A recent column in The New York Times explores the role of guilt in children, and explains how it relates to the way kids develop character virtues like empathy and kindness.

A recent column in The New York Times explores the role of guilt in children, and explains how it relates to the way kids develop character virtues like empathy and kindness.
Pediatrician Perri Klass discussed how guilt—“a complicated element in the parent-child equation”—is a healthy part of child development that evolves as they grow.
Klass cited research by University of Toronto psychology professor Tina Malti, who argues that “moral guilt is healthy, good to develop.”
“It helps children refrain from aggression, antisocial behavior,” Malti said.
Malti explained young children can experience an empathic guilt for making another child cry, or for violating their own standards of right and wrong, and “those two reactions can be entirely independent, or can go together.”
Children generally develop beyond the simplistic version of guilt by age 6, when it becomes more about transgressions.
“There’s lots of evidence that healthy guilt promotes children’s prosocial behavior,” Malti said.
Helen Egger, chairman of the department of child and adolescent psychiatry at NYU Langone Health, told Klass guilt stems from “theory of mind” and it’s closely tied to a child’s empathy for others.
Egger said “children have to have developed a theory of mind, self and others, to be able to feel guilt.” On the other side, “when you have lying or lack of guilt, the child seems to have a reduced capacity for empathy,” she said.
Klass contends “guilt is part of children’s normal development, and we don’t actually want to see children grow up without it, but we also worry that they may judge themselves too harshly, or feel responsible for things that are well beyond their powers (the classic one would be the child who blames himself for his parents fighting, or even divorcing).”

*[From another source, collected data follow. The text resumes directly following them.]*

(* Let $X$ be $\mathbf{S}^2\times\mathbb{R}$ or $\mathbf{H}^2\times\mathbb{R}$ in the projective model described in the context, and let $P=(1,x,y,z)$ with $x,y,z\in\mathbb{R}$ and $x^2+y^2+z^2>0$ in $\mathbf{S}^2\times\mathbb{R}$, respectively $x^2-y^2-z^2>0$, $x>0$ in $\mathbf{H}^2\times\mathbb{R}$. Then the translation curve drawn from $E_0=(1,1,0,0)$ to $P$ has at $E_0$ the tangent vector \[ \tau\cdot\mathbf{t}_P=\left(\tfrac12\ln\big(x^2\pm(y^2+z^2)\big),\ \frac{y\,\mathrm{arcC}\Big(\frac{x}{\sqrt{x^2\pm(y^2+z^2)}}\Big)}{\sqrt{y^2+z^2}},\ \frac{z\,\mathrm{arcC}\Big(\frac{x}{\sqrt{x^2\pm(y^2+z^2)}}\Big)}{\sqrt{y^2+z^2}}\right), \] where $\pm$ is $+$ and $\mathrm{arcC}=\arccos$ for $\mathbf{S}^2\times\mathbb{R}$, $\pm$ is $-$ and $\mathrm{arcC}=\mathrm{arccosh}$ for $\mathbf{H}^2\times\mathbb{R}$, $\mathbf{t}_P$ is the unit initial tangent vector and $\tau$ is the translation distance of $P$ and $E_0$.
   Context: Points are written in homogeneous coordinates $(1,x,y,z)$; $\mathbf{S}^2\times\mathbb{R}$ is the set of such points with $x^2+y^2+z^2>0$ and $\mathbf{H}^2\times\mathbb{R}$ the set with $x^2-y^2-z^2>0$, $x>0$. Let $S,C$ denote $\sin,\cos$ in $\mathbf{S}^2\times\mathbb{R}$ and $\sinh,\cosh$ in $\mathbf{H}^2\times\mathbb{R}$. The translation curves (which coincide with geodesics) starting at $E_0=(1,1,0,0)$ are, with arc-length $\tau\ge0$ and parameters $-\pi<u\le\pi$, $-\pi/2\le v\le\pi/2$: $x(\tau)=e^{\tau\sin v}C(\tau\cos v)$, $y(\tau)=e^{\tau\sin v}S(\tau\cos v)\cos u$, $z(\tau)=e^{\tau\sin v}S(\tau\cos v)\sin u$. Their unit tangent vector at $E_0$ is $\mathbf{t}=(\sin v,\cos v\cos u,\cos v\sin u)$. *)

From Stdlib Require Import Reals.
Open Scope R_scope.

Inductive geom := S2xR | H2xR.

Definition Sf (g : geom) (t : R) : R := match g with S2xR => sin t | H2xR => sinh t end.
Definition Cf (g : geom) (t : R) : R := match g with S2xR => cos t | H2xR => cosh t end.

Definition sgn (g : geom) : R := match g with S2xR => 1 | H2xR => -1 end.

Definition arccosh (x : R) : R := ln (x + sqrt (x ^ 2 - 1)).
Definition arcC (g : geom) (x : R) : R := match g with S2xR => acos x | H2xR => arccosh x end.

(* Points (1,x,y,z) of the model space *)
Definition in_space (g : geom) (x y z : R) : Prop :=
  match g with
  | S2xR => x ^ 2 + y ^ 2 + z ^ 2 > 0
  | H2xR => x ^ 2 - y ^ 2 - z ^ 2 > 0 /\ x > 0
  end.

(* translation curve from E0 = (1,1,0,0) with parameters u, v, at arc-length tau:
   returns the (x,y,z) coordinates *)
Definition tcurve (g : geom) (u v tau : R) : R * R * R :=
  (exp (tau * sin v) * Cf g (tau * cos v),
   exp (tau * sin v) * Sf g (tau * cos v) * cos u,
   exp (tau * sin v) * Sf g (tau * cos v) * sin u).

Definition tvec (u v : R) : R * R * R := (sin v, cos v * cos u, cos v * sin u).

Definition scal3 (a : R) (p : R * R * R) : R * R * R :=
  let '(p1, p2, p3) := p in (a * p1, a * p2, a * p3).

Definition param_ok (u v tau : R) : Prop :=
  0 <= tau /\ - PI < u <= PI /\ - (PI / 2) <= v <= PI / 2.

Definition tangent_formula (g : geom) (x y z : R) : R * R * R :=
  let q := x ^ 2 + sgn g * (y ^ 2 + z ^ 2) in
  let r := sqrt (y ^ 2 + z ^ 2) in
  let a := arcC g (x / sqrt q) in
  (/ 2 * ln q, y * a / r, z * a / r).

From Stdlib Require Import Reals Lra Psatz.
Open Scope R_scope.

(* With E = exp (tau sin v) and rho = tau cos v, the curve point is
   (E C(rho), E S(rho) cos u, E S(rho) sin u).  Since C^2 +- S^2 = 1, the
   quadric x^2 +- (y^2 + z^2) equals E^2 and x / E = C(rho), while (y, z) has
   length E S(rho) and polar angle u.  Hence tau sin v = ln E, tau cos v =
   arcC (x / E), and (y, z) / |(y, z)| = (cos u, sin u), which is the formula.
   Conversely, inverting these polar coordinates yields a curve through P. *)

Lemma Cf2_add_sgn_Sf2 (g : geom) (t : R) : Cf g t ^ 2 + sgn g * Sf g t ^ 2 = 1.
Proof.
destruct g; simpl.
- pose proof (sin2_cos2 t) as H; unfold Rsqr in H; nra.
- assert (Hinv : exp t * exp (- t) = 1).
  { rewrite <- exp_plus, Rplus_opp_r; apply exp_0. }
  unfold cosh, sinh; nra.
Qed.

Lemma sinh_ge0 (t : R) : 0 <= t -> 0 <= sinh t.
Proof.
intros [Ht | <-].
- rewrite <- sinh_0; now apply Rlt_le, sinh_lt.
- rewrite sinh_0; lra.
Qed.

Lemma Sf_ge0 (g : geom) (t : R) : 0 <= t -> (g = S2xR -> t <= PI) -> 0 <= Sf g t.
Proof.
intros Ht HPI; destruct g; simpl.
- apply sin_ge_0; auto.
- now apply sinh_ge0.
Qed.

Lemma arccosh_cosh (t : R) : 0 <= t -> arccosh (cosh t) = t.
Proof.
intro Ht; unfold arccosh.
pose proof (Cf2_add_sgn_Sf2 H2xR t) as Hid; simpl in Hid.
replace (cosh t ^ 2 - 1) with (sinh t ^ 2) by lra.
rewrite sqrt_pow2 by now apply sinh_ge0.
replace (cosh t + sinh t) with (exp t) by (unfold cosh, sinh; field).
apply ln_exp.
Qed.

Lemma arcC_Cf (g : geom) (t : R) : 0 <= t -> (g = S2xR -> t <= PI) -> arcC g (Cf g t) = t.
Proof.
intros Ht HPI; destruct g; simpl.
- apply acos_cos; auto.
- now apply arccosh_cosh.
Qed.

Lemma cosh_sinh_ln (w s : R) :
  w ^ 2 - s ^ 2 = 1 -> 0 < w -> cosh (ln (w + s)) = w /\ sinh (ln (w + s)) = s.
Proof.
intros Hws Hw.
assert (Hpos : 0 < w + s) by nra.
assert (Hinv : exp (- ln (w + s)) = w - s).
{ rewrite exp_Ropp, exp_ln by lra; field_simplify_eq; nra. }
unfold cosh, sinh; rewrite Hinv, exp_ln by lra; split; field.
Qed.

Lemma Cf_Sf_onto (g : geom) (w s : R) :
  w ^ 2 + sgn g * s ^ 2 = 1 -> 0 < s -> (g = H2xR -> 0 < w) ->
  exists rho, 0 < rho /\ (g = S2xR -> rho <= PI) /\ Cf g rho = w /\ Sf g rho = s.
Proof.
intros Hws Hs Hw; destruct g; cbn [Cf Sf sgn] in *.
- assert (Hbound : -1 <= w <= 1) by nra.
  assert (Hsin : sin (acos w) = s).
  { rewrite sin_acos, <- (sqrt_pow2 s) by lra; f_equal; unfold Rsqr; lra. }
  pose proof (acos_bound w).
  exists (acos w); repeat split; try lra; [| now apply cos_acos].
  destruct (Req_dec (acos w) 0) as [H0 | H0]; [| lra].
  rewrite H0, sin_0 in Hsin; lra.
- specialize (Hw eq_refl).
  destruct (cosh_sinh_ln w s) as [Hc Hsh]; [lra | lra |].
  exists (ln (w + s)); repeat split; try easy.
  rewrite <- ln_1; apply ln_increasing; nra.
Qed.

Lemma cos_sin_onto (a b : R) :
  a ^ 2 + b ^ 2 = 1 -> exists u, - PI < u <= PI /\ cos u = a /\ sin u = b.
Proof.
intro Hab.
assert (Hbound : -1 <= a <= 1) by nra.
assert (Hsin : sin (acos a) = Rabs b).
{ rewrite sin_acos, <- sqrt_Rsqr_abs by lra; f_equal; unfold Rsqr; lra. }
pose proof (acos_bound a); pose proof PI_RGT_0.
destruct (Rle_dec 0 b) as [Hb | Hb].
- rewrite Rabs_pos_eq in Hsin by lra.
  exists (acos a); repeat split; try lra; now apply cos_acos.
- rewrite Rabs_left in Hsin by lra.
  exists (- acos a); rewrite cos_neg, sin_neg, Hsin, cos_acos by lra.
  repeat split; try lra.
  destruct (Req_dec (acos a) PI) as [HPI | HPI]; [| lra].
  rewrite HPI, sin_PI in Hsin; lra.
Qed.

Lemma polar_right_half_plane (h rho : R) :
  0 < rho -> exists tau v, 0 < tau /\ - (PI / 2) <= v <= PI / 2 /\
    tau * sin v = h /\ tau * cos v = rho.
Proof.
intro Hrho.
pose proof (atan_bound (h / rho)) as Hv.
pose proof (tan_atan (h / rho)) as Htan.
set (v := atan (h / rho)) in *; unfold tan in Htan.
assert (Hcos : 0 < cos v) by (apply cos_gt_0; lra).
exists (rho / cos v), v; repeat split; try lra.
- apply Rdiv_lt_0_compat; lra.
- transitivity (rho * (sin v / cos v)); [field; lra |].
  rewrite Htan; field; lra.
- field; lra.
Qed.

Lemma tangent_formula_polar (g : geom) (E rho u : R) :
  0 < E -> 0 <= rho -> (g = S2xR -> rho <= PI) -> Sf g rho <> 0 ->
  tangent_formula g (E * Cf g rho) (E * Sf g rho * cos u) (E * Sf g rho * sin u)
  = (ln E, rho * cos u, rho * sin u).
Proof.
intros HE Hrho HPI HS0.
pose proof (Sf_ge0 g rho Hrho HPI) as HS.
assert (Hyz : (E * Sf g rho * cos u) ^ 2 + (E * Sf g rho * sin u) ^ 2
              = (E * Sf g rho) ^ 2).
{ rewrite <- (Rmult_1_r ((E * Sf g rho) ^ 2)), <- (sin2_cos2 u); unfold Rsqr; ring. }
assert (Hq : (E * Cf g rho) ^ 2 + sgn g * (E * Sf g rho) ^ 2 = E ^ 2).
{ rewrite <- (Rmult_1_r (E ^ 2)), <- (Cf2_add_sgn_Sf2 g rho); ring. }
unfold tangent_formula; cbv zeta.
rewrite Hyz, Hq, !sqrt_pow2 by nra.
replace (E * Cf g rho / E) with (Cf g rho) by (field; lra).
rewrite arcC_Cf, ln_pow by assumption.
f_equal; [f_equal |]; simpl; field; split; lra.
Qed.

Lemma tcurve_tangent_formula (g : geom) (x y z u v tau : R) :
  y ^ 2 + z ^ 2 > 0 ->
  param_ok u v tau -> tcurve g u v tau = (x, y, z) ->
  (g = S2xR -> tau * cos v <= PI) ->
  scal3 tau (tvec u v) = tangent_formula g x y z.
Proof.
intros Hyz [Htau [_ Hv]] Hcurve HPI.
injection Hcurve as <- <- <-.
assert (Hrho : 0 <= tau * cos v) by (apply Rmult_le_pos, cos_ge_0; lra).
assert (HS0 : Sf g (tau * cos v) <> 0).
{ intro HS0; rewrite HS0 in Hyz; lra. }
rewrite tangent_formula_polar, ln_exp by auto using exp_pos.
unfold scal3, tvec; f_equal; [f_equal |]; ring.
Qed.

Lemma tcurve_onto (g : geom) (x y z : R) :
  in_space g x y z -> y ^ 2 + z ^ 2 > 0 ->
  exists u v tau, param_ok u v tau /\ tcurve g u v tau = (x, y, z) /\
    (g = S2xR -> tau * cos v <= PI).
Proof.
intros Hin Hyz.
set (q := x ^ 2 + sgn g * (y ^ 2 + z ^ 2)).
assert (Hq : 0 < q) by (unfold q; destruct g; simpl in *; nra).
set (r := sqrt (y ^ 2 + z ^ 2)).
assert (Hr : 0 < r) by (apply sqrt_lt_R0; lra).
assert (Hr2 : r ^ 2 = y ^ 2 + z ^ 2) by (apply pow2_sqrt; lra).
set (E := sqrt q).
assert (HE : 0 < E) by (apply sqrt_lt_R0; lra).
assert (HE2 : E ^ 2 = q) by (apply pow2_sqrt; lra).
destruct (Cf_Sf_onto g (x / E) (r / E)) as [rho [Hrho [HPI [HC HS]]]].
{ replace ((x / E) ^ 2 + sgn g * (r / E) ^ 2) with ((x ^ 2 + sgn g * r ^ 2) / E ^ 2)
    by (field; lra).
  rewrite Hr2, HE2; fold q; field; lra. }
{ apply Rdiv_lt_0_compat; lra. }
{ intros ->; destruct Hin; apply Rdiv_lt_0_compat; lra. }
destruct (polar_right_half_plane (ln E) rho Hrho) as [tau [v [Htau [Hv [Hsin Hcos]]]]].
destruct (cos_sin_onto (y / r) (z / r)) as [u [Hu [Hcu Hsu]]].
{ replace ((y / r) ^ 2 + (z / r) ^ 2) with ((y ^ 2 + z ^ 2) / r ^ 2) by (field; lra).
  rewrite Hr2; field; lra. }
exists u, v, tau; repeat split; try lra.
- unfold tcurve; rewrite Hsin, exp_ln, Hcos, HC, HS, Hcu, Hsu by lra.
  f_equal; [f_equal |]; field; lra.
- now rewrite Hcos.
Qed.

Theorem lemma4p9 (g : geom) (x y z : R) :
  in_space g x y z ->
  y ^ 2 + z ^ 2 > 0 ->
  (exists u v tau : R,
      param_ok u v tau /\ tcurve g u v tau = (x, y, z) /\
      (g = S2xR -> tau * cos v <= PI) /\
      scal3 tau (tvec u v) = tangent_formula g x y z) /\
  (forall u v tau : R,
      param_ok u v tau -> tcurve g u v tau = (x, y, z) ->
      (g = S2xR -> tau * cos v <= PI) ->
      scal3 tau (tvec u v) = tangent_formula g x y z).
Proof.
intros Hin Hyz; split.
- destruct (tcurve_onto g x y z Hin Hyz) as [u [v [tau [Hok [Hcurve HPI]]]]].
  exists u, v, tau; do 3 (split; [assumption |]).
  now apply tcurve_tangent_formula.
- intros u v tau; now apply tcurve_tangent_formula.
Qed.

Egger, Malti, and others highlighted the links between dysfunctional forms of guilt and depression and anxiety, and offered ways adults can identify and correct children to ensure they put their relationships and behavior in proper perspective.
The researchers highlight the natural and productive role of guilt to help youngsters internalize the values of society, a process that James Davison Hunter, founder of the Institute for Advanced Studies in Culture at the University of Virginia, discusses in broader context in The Tragedy of Moral Education in America.
In a critique of contemporary moral culture, Hunter writes, “. . . in the attempt to avoid the language of good and evil, the word guilt is effectively banished from this new vocabulary. People certainly feel guilty, but no one is actually guilty. Because we understand the mental and social causes of behavior, we know that wrongdoers are troubled, not guilty, and need therapy, not punishment. The goodness innate in them has not been properly brought out . . .”
Educators can explore the questions of guilt more deeply with students with lessons from the nonprofit Facing History and Ourselves, which offers a challenging assignment on guilt and responsibility in the context of the Nuremburg Trials.
“Using this lesson along with the documentary (‘Nuremburg Remembered’) will introduce teachers and their students to the essential questions of guilt, judgment and responsibility that were initially posed at the end of World War II and continue to be raised in the twenty-first century,” according to the Facing History site.